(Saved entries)
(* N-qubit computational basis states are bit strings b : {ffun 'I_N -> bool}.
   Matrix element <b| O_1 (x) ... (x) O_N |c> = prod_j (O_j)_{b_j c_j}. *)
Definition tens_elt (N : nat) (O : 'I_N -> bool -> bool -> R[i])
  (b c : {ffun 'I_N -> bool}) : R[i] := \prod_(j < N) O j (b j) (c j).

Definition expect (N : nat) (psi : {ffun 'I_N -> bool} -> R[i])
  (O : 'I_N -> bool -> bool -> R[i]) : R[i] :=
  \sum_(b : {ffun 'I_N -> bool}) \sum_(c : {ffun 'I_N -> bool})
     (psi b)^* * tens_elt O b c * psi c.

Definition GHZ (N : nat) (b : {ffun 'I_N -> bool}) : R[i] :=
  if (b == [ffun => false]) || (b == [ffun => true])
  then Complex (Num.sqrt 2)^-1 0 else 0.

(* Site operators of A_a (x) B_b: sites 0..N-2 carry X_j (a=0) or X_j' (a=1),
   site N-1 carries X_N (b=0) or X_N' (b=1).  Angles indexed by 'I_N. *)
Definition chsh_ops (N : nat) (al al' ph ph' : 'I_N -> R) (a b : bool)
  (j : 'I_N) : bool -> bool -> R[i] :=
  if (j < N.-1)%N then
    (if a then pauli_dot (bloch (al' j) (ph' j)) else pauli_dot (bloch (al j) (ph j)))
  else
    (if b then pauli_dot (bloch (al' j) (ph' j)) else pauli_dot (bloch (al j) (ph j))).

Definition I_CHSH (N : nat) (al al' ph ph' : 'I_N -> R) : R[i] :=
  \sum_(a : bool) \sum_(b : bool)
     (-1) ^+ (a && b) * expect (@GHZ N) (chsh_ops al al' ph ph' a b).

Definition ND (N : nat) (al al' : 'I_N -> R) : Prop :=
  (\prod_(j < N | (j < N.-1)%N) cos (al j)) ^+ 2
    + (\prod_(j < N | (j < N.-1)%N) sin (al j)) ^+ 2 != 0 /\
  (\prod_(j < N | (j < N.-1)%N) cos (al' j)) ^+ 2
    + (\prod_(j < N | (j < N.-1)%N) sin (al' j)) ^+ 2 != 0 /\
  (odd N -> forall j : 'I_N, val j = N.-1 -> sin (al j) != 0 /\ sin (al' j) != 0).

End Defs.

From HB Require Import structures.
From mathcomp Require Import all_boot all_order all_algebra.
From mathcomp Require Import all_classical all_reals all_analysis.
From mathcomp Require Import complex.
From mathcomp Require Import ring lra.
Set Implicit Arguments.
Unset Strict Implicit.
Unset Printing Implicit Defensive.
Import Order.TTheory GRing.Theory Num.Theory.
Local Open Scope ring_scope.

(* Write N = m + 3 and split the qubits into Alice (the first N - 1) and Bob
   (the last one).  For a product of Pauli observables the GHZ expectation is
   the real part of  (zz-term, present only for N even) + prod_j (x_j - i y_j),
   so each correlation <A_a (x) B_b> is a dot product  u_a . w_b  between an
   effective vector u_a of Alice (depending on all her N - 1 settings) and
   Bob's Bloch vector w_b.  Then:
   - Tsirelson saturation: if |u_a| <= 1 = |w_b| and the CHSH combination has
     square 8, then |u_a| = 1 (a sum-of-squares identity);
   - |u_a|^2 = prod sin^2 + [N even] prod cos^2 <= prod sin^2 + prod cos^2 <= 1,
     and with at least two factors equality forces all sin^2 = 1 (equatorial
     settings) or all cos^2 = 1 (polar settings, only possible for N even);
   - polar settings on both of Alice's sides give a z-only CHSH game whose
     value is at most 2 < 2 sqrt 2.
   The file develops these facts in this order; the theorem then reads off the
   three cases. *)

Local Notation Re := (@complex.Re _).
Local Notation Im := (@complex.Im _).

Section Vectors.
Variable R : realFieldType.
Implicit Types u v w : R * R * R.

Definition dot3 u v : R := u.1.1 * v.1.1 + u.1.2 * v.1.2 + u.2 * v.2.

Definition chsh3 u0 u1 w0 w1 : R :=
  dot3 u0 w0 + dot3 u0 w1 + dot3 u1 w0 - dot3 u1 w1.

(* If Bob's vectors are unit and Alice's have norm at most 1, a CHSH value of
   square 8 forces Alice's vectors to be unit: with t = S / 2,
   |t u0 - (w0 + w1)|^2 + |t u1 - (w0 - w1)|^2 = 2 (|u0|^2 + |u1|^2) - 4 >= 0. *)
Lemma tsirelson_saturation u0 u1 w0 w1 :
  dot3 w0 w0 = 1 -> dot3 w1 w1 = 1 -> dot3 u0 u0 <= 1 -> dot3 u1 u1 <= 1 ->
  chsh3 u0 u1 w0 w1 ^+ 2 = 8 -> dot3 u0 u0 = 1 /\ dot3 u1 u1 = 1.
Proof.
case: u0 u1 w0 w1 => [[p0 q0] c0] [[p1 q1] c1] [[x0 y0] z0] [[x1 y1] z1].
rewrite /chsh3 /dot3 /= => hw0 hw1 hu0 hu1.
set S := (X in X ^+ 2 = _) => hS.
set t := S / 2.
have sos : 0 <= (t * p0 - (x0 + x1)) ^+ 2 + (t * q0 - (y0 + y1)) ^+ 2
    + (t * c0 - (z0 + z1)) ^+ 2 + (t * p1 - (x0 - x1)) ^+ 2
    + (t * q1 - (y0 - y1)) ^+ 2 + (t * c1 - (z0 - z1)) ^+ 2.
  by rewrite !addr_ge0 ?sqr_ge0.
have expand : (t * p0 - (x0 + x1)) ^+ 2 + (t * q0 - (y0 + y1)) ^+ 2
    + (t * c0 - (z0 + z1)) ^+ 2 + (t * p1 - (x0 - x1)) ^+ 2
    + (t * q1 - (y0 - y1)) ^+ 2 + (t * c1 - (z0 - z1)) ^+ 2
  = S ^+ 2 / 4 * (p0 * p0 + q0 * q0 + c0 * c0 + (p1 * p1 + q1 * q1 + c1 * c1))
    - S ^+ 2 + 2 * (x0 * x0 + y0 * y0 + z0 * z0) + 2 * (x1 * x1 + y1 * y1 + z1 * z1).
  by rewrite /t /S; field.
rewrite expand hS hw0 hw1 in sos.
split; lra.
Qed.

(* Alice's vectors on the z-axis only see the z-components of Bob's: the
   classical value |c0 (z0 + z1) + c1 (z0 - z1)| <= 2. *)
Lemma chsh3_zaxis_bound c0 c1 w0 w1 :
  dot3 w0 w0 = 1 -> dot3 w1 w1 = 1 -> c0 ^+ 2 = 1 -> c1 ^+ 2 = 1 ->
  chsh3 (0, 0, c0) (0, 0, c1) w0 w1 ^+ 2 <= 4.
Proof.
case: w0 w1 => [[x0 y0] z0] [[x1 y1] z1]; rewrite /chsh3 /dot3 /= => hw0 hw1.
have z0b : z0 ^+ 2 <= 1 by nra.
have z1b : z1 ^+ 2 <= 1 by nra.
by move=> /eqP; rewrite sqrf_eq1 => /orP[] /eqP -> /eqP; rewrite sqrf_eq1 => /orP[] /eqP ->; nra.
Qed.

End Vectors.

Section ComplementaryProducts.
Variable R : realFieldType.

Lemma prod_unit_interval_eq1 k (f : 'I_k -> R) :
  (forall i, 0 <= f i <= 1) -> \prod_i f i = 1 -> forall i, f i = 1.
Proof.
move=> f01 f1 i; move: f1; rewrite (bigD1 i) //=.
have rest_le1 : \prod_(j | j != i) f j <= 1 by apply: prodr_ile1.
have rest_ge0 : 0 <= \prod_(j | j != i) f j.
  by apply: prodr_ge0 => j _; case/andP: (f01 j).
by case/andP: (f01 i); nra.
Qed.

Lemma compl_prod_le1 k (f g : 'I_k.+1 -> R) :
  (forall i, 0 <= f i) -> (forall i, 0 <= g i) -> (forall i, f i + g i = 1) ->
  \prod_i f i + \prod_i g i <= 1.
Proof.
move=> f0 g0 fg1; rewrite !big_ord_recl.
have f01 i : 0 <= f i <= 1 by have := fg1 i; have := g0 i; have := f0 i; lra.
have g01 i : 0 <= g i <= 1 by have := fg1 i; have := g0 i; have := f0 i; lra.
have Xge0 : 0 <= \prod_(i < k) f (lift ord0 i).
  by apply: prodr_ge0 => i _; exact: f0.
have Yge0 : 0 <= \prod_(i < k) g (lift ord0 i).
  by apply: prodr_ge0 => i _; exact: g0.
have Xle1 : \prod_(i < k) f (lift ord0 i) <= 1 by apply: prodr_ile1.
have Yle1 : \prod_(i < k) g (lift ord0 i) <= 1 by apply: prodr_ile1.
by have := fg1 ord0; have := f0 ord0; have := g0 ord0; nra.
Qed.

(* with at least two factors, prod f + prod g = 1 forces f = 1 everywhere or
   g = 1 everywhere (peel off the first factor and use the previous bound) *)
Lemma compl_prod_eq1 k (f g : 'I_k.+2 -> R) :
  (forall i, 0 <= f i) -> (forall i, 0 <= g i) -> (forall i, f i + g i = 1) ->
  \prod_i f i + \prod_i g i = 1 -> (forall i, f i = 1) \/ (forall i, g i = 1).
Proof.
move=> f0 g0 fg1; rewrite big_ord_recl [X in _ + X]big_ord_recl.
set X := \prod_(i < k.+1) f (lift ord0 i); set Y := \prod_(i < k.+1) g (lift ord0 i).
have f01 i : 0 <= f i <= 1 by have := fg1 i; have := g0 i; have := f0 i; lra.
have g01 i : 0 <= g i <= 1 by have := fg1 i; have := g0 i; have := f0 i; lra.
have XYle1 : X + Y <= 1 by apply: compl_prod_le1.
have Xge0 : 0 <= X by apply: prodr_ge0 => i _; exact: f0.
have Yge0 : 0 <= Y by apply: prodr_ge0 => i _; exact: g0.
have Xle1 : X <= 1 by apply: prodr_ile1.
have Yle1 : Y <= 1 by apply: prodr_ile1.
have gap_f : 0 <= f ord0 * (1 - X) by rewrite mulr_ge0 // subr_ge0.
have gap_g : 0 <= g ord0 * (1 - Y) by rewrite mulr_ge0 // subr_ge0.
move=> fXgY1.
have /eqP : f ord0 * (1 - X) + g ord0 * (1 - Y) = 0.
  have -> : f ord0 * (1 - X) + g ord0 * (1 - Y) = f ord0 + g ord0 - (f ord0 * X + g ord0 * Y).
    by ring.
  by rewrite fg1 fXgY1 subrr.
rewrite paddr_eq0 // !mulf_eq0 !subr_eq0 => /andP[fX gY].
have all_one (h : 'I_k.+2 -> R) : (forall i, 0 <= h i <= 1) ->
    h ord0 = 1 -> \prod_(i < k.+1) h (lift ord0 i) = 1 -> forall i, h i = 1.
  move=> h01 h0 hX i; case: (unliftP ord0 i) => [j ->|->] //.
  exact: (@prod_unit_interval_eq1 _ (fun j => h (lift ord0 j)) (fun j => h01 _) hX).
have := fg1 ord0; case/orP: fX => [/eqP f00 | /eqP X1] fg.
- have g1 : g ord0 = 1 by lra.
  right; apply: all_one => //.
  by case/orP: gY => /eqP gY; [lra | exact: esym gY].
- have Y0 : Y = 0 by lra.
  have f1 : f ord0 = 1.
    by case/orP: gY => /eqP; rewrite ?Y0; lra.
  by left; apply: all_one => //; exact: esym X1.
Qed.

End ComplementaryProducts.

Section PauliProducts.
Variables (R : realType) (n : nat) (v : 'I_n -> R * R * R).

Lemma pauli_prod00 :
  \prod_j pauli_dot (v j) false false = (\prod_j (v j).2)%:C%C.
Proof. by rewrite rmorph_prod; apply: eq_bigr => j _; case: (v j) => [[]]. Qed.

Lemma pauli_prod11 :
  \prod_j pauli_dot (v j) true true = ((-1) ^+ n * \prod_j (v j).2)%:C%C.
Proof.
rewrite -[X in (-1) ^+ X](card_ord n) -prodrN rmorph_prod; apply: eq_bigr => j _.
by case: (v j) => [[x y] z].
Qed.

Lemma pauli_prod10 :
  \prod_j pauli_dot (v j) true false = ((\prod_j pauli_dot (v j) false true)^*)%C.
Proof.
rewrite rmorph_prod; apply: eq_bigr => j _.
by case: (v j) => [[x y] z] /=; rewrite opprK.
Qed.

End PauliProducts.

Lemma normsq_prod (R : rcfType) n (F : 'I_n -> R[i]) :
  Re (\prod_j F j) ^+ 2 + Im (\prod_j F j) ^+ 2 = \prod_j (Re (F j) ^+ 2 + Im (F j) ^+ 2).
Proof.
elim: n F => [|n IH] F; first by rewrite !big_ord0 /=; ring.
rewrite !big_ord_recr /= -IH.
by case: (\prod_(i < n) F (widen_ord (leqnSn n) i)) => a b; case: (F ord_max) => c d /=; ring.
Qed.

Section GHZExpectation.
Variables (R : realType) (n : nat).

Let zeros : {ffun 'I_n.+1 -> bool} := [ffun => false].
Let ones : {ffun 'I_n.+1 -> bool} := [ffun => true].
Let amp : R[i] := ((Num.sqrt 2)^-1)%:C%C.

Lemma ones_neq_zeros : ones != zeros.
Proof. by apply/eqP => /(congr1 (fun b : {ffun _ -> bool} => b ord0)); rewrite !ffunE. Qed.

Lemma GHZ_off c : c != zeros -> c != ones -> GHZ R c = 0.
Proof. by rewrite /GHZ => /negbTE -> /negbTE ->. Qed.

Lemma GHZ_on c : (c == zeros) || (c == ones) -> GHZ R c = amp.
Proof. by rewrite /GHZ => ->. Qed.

-- PROBLEM DESCRIPTION --
Beginning at the top of the data, please return every line until and including the line containing "From HB Require Import structures.", copied exactly, and nothing past it.

-- SOLUTION --
(* N-qubit computational basis states are bit strings b : {ffun 'I_N -> bool}.
   Matrix element <b| O_1 (x) ... (x) O_N |c> = prod_j (O_j)_{b_j c_j}. *)
Definition tens_elt (N : nat) (O : 'I_N -> bool -> bool -> R[i])
  (b c : {ffun 'I_N -> bool}) : R[i] := \prod_(j < N) O j (b j) (c j).

Definition expect (N : nat) (psi : {ffun 'I_N -> bool} -> R[i])
  (O : 'I_N -> bool -> bool -> R[i]) : R[i] :=
  \sum_(b : {ffun 'I_N -> bool}) \sum_(c : {ffun 'I_N -> bool})
     (psi b)^* * tens_elt O b c * psi c.

Definition GHZ (N : nat) (b : {ffun 'I_N -> bool}) : R[i] :=
  if (b == [ffun => false]) || (b == [ffun => true])
  then Complex (Num.sqrt 2)^-1 0 else 0.

(* Site operators of A_a (x) B_b: sites 0..N-2 carry X_j (a=0) or X_j' (a=1),
   site N-1 carries X_N (b=0) or X_N' (b=1).  Angles indexed by 'I_N. *)
Definition chsh_ops (N : nat) (al al' ph ph' : 'I_N -> R) (a b : bool)
  (j : 'I_N) : bool -> bool -> R[i] :=
  if (j < N.-1)%N then
    (if a then pauli_dot (bloch (al' j) (ph' j)) else pauli_dot (bloch (al j) (ph j)))
  else
    (if b then pauli_dot (bloch (al' j) (ph' j)) else pauli_dot (bloch (al j) (ph j))).

Definition I_CHSH (N : nat) (al al' ph ph' : 'I_N -> R) : R[i] :=
  \sum_(a : bool) \sum_(b : bool)
     (-1) ^+ (a && b) * expect (@GHZ N) (chsh_ops al al' ph ph' a b).

Definition ND (N : nat) (al al' : 'I_N -> R) : Prop :=
  (\prod_(j < N | (j < N.-1)%N) cos (al j)) ^+ 2
    + (\prod_(j < N | (j < N.-1)%N) sin (al j)) ^+ 2 != 0 /\
  (\prod_(j < N | (j < N.-1)%N) cos (al' j)) ^+ 2
    + (\prod_(j < N | (j < N.-1)%N) sin (al' j)) ^+ 2 != 0 /\
  (odd N -> forall j : 'I_N, val j = N.-1 -> sin (al j) != 0 /\ sin (al' j) != 0).

End Defs.

From HB Require Import structures.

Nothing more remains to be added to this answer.